There’s obviously a sense in which Trump uses the term “deep state” as a diversion, a way of dismissing legitimate criticisms of himself and his administration. But does he in any way have a point when he complains about the deep state trying to undermine the White House? And I mean beyond the typical stuff you just cited.

David Rohde

Trump’s strongest case is about the FBI’s Russia investigation, and the fact that the Justice Department inspector general found that low-level FBI officials changed documents that were part of their application to surveil Carter Page. That’s bad. There’s a huge problem with the FISA process, and I accept the finding of the inspector general that the first two warrants for Carter Page to be surveilled were legal, while the subsequent two were not.

Sean Illing

That’s bad, no doubt, but it’s not an attempted “coup,” as the president claimed.

David Rohde

Absolutely not. Trump Tower was not wiretapped. Carter Page was a former Trump campaign adviser at that point. And just anecdotally, if the FBI wanted to sink his election chances, the FBI and Justice Department would have leaked during the campaign in 2016 that they were investigating him, but they didn’t do that.

Sean Illing

Bill Barr, Trump’s attorney general, gave a speech to the Federalist Society last year celebrating the power of the executive branch. He never mentions the deep state, but it’s pretty clear Barr believes it’s real and a problem —

David Rohde

Well, yes —

Sean Illing

Or am I going too far?

David Rohde

The attorney general believes that the deep state in the form of the FBI investigation of Donald Trump was hugely problematic. I believe he called it “one of the greatest travesties in American history.” I obviously disagree with that. Again, it was wrong that Carter Page was surveilled for longer than he should have been, but the Mueller investigation was carried out properly.
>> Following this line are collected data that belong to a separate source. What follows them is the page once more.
Lemma affine_pred t c d : affine_term t c d -> affine_term (Pred t) c (d - 1).
Proof.
  intros (Hc & Hstd & Hnst); split; [assumption | split].
  - generalize (eventually_and _ _ Hstd (eventually_affine_ge c d 1 Hc)).
    apply eventually_mono; intros n ((m & Hm & E) & Hpos).
    exists (Nat.pred m); unfold tval in *; simpl; rewrite Hm; split; [reflexivity | lia].
  - intros i; unfold tval in *; simpl; rewrite Hnst; simpl; f_equal; lia.
Qed.

Lemma affine_plus t u c d c' d' :
  affine_term t c d -> affine_term u c' d' -> affine_term (Plus t u) (c + c') (d + d').
Proof.
  intros (Hc & Hstd & Hnst) (Hc' & Hstd' & Hnst'); split; [lia | split].
  - generalize (eventually_and _ _ Hstd Hstd').
    apply eventually_mono; intros n ((m & Hm & E) & (m' & Hm' & E')).
    exists (m + m')%nat; unfold tval in *; simpl; rewrite Hm, Hm'; split; [reflexivity | lia].
  - intros i; unfold tval in *; simpl; rewrite Hnst, Hnst'; simpl; f_equal; lia.
Qed.

Lemma affine_plus_constant t u k c d :
  (forall x, tval t x = std k) -> affine_term u c d -> affine_term (Plus t u) c (Z.of_nat k + d).
Proof.
  intros Hk (Hc & Hstd & Hnst); split; [assumption | split].
  - revert Hstd; apply eventually_mono; intros n (m & Hm & E).
    exists (k + m)%nat; unfold tval in *; simpl; rewrite Hk, Hm; split; [reflexivity | lia].
  - intros i; unfold tval in *; simpl; rewrite Hk, Hnst; simpl; f_equal; lia.
Qed.
(* Gronwall bound: [F] stays near 1 for times up to about [-ln(1-lam)/(m-1)]. *)
Lemma one_minus_F_bound (w : R) : 0 < w ->
  1 - F w <= (1 - lam) * (2 + / (m - 1)) * exp ((m - 1) * w).
Proof.
  intros Hw. set (c := 1 - lam). set (b := m - 1).
  assert (Hc : 0 < c) by (unfold c; lra). assert (Hb : 0 < b) by (unfold b, m; lra).
  destruct (F_near_initial (mkposreal c Hc) w Hw) as [s [Hs Hfs]].
  simpl in Hfs. apply Rabs_def2 in Hfs.
  assert (Hg := linear_gronwall (fun t => 1 - F t) (fun t => F t - lam * f (F t))
                  b c s w Hb (proj2 Hs)).
  simpl in Hg.
  assert (Hbound : 1 - F w + c / b <= (1 - F s + c / b) * exp (b * (w - s))).
  { apply Hg.
    - intros x Hx.
      apply (is_derive_value _ _ _ _
               (is_derive_Rminus _ _ x _ _ (is_derive_Rconst 1 x) (F_derive x ltac:(lra)))).
      ring.
    - intros x Hx. assert (HF : 0 <= F x <= 1)
        by (split; [apply Rlt_le, F_pos|apply Rlt_le, F_lt_one]; lra).
      assert (Hgap : F x - f (F x) <= b * (1 - F x)) by (apply (gap_upper n p d K); auto).
      assert (Hf1 : f (F x) <= F x) by (apply (gen_le_id n p d K); auto).
      assert (Hf0 : 0 <= f (F x)) by (apply (gen_nonneg n p d); auto; lra).
      assert (c * f (F x) <= c * 1) by (apply Rmult_le_compat_l; lra).
      unfold c in *. lra. }
  assert (Hexp : exp (b * (w - s)) <= exp (b * w)).
  { apply exp_le_compat. apply Rmult_le_compat_l; lra. }
  assert (Hcb : 0 < c / b) by (apply Rdiv_lt_0_compat; lra).
  assert (0 < exp (b * (w - s))) by apply exp_pos.
  assert ((1 - F s + c / b) * exp (b * (w - s)) <= (2 * c + c / b) * exp (b * w)).
  { assert (1 - F s < 2 * c) by (unfold c in *; lra).
    assert (F s < 1) by (apply F_lt_one; lra).
    apply Rmult_le_compat; lra. }
  assert (1 <= exp (b * w)) by (rewrite <- exp_0; apply exp_le_compat; apply Rmult_le_pos; lra).
  replace (c * (2 + / b)) with (2 * c + c / b) by (field; lra).
  nra.
Qed.

Lemma F_pow_integrable (k : nat) (W : R) : 0 <= W -> ex_RInt (fun w => F w ^ k) 0 W.
Proof.
  intros HW. apply ex_RInt_right_continuous; [exact HW| |].
  - intros x Hx. apply continuous_Rpow, F_continuous, Hx.
  - destruct F_ode as [HF0 [Hlim _]]. rewrite HF0.
    apply (filterlim_comp _ _ _ F (fun x => x ^ k) _ (locally lam) _ Hlim).
    apply (continuous_Rpow (fun x => x)), continuous_id.
Qed.

(* The potential [psi] used to bound [int F]: along the solution
   [d/dt psi(F t) <= - F t], so [int_1^W F <= psi 1 - psi 0]. *)
Definition denom (eps x : R) : R := (m - 1) * (1 - x) + (1 - lam) * (1 - eps).

Definition psi_slope (eps x : R) : R :=
  INR K / ((m - 1) * eps) + / (1 - eps) ^ K / denom eps x.

Definition psi (eps x : R) : R :=
  INR K / ((m - 1) * eps) * x - / (1 - eps) ^ K * ln (denom eps x) / (m - 1).

Lemma denom_pos (eps x : R) : eps < 1 -> x <= 1 -> 0 < denom eps x.
Proof.
  intros He Hx. unfold denom.
  assert (0 <= (m - 1) * (1 - x)) by (apply Rmult_le_pos; unfold m; lra).
  assert (0 < (1 - lam) * (1 - eps)) by (apply Rmult_lt_0_compat; lra). lra.
Qed.

Lemma psi_derive (eps x : R) : 0 < eps < 1 -> x < 1 ->
  is_derive (psi eps) x (psi_slope eps x).
Proof.
  intros He Hx. assert (Hd := denom_pos eps x (proj2 He) (Rlt_le _ _ Hx)).
  assert (HpK : 0 < (1 - eps) ^ K) by (apply pow_lt; lra).
  unfold psi, psi_slope, denom in *. unfold Rminus in Hd at 2.
  auto_derive; [exact Hd|]. unfold Rminus in *.
  field. assert (m + - 1 <> 0) by (unfold m; lra). repeat split; lra.
Qed.

Lemma psi_nondecreasing (eps x y : R) : 0 < eps < 1 -> 0 <= x <= y -> y <= 1 ->
  psi eps x <= psi eps y.
Proof.
  intros He Hxy Hy. unfold psi.
  assert (Hm : 0 < m - 1) by (unfold m; lra).
  assert (Ha : 0 <= INR K / ((m - 1) * eps))
    by (apply Rdiv_le_0_compat; [apply pos_INR|apply Rmult_lt_0_compat; lra]).
  assert (Hb : 0 < / (1 - eps) ^ K) by (apply Rinv_0_lt_compat, pow_lt; lra).
  assert (Hln : ln (denom eps y) <= ln (denom eps x)).
  { apply ln_le; [apply denom_pos; lra|]. unfold denom.
    apply Rplus_le_compat_r, Rmult_le_compat_l; lra. }
  assert (INR K / ((m - 1) * eps) * x <= INR K / ((m - 1) * eps) * y)
    by (apply Rmult_le_compat_l; lra).
  assert (/ (1 - eps) ^ K * ln (denom eps y) <= / (1 - eps) ^ K * ln (denom eps x))
    by (apply Rmult_le_compat_l; lra).
  unfold Rdiv. assert (0 < / (m - 1)) by (apply Rinv_0_lt_compat; lra). nra.
Qed.

Lemma drift_ge_gap (x : R) : 0 <= x <= 1 -> x - f x <= x - lam * f x.
Proof.
  intros Hx. assert (0 <= f x) by (apply (gen_nonneg n p d); auto; lra). nra.
Qed.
Mueller essentially exonerated Trump of collusion.

But to add a little context to that Barr speech: He believes the legislative and judicial branches have created more power for themselves since the ’70s than they should have. He thinks the balance of power is off and his reading of the Constitution is that the executive branch should be able to use the FBI to defend the country as needed, and it’s the only branch that can act decisively in a crisis and we need a powerful president to sort of preserve the country.

Sean Illing

It’s hard to read your book right now without thinking about the coronavirus pandemic. How do you think Trump’s perception of the deep state impacted his response to the virus?

David Rohde

I spoke to a person who left the administration recently who felt that Trump’s suspicion of government officials was one of several factors that slowed the response to the coronavirus. They also felt that Trump’s belief in business, that businesses could outperform government agencies, was a big factor.

More broadly, I think all of this has shown how important basic facts are. There was an Axios poll that came out this week that showed that over 60 percent of Americans don’t think that death totals from coronavirus are accurate. Democrats think the death totals are actually higher than is being publicly reported. Republicans believe the death totals are lower. And if we can’t agree on a basic fact about how many people are dying of coronavirus, how are we going to come up with policies to help each other through this?

We’re in this cycle of distrust and disdain and conspiracy theories, and it’s dangerous, and obviously Trump’s public doubting of his own government isn’t helping.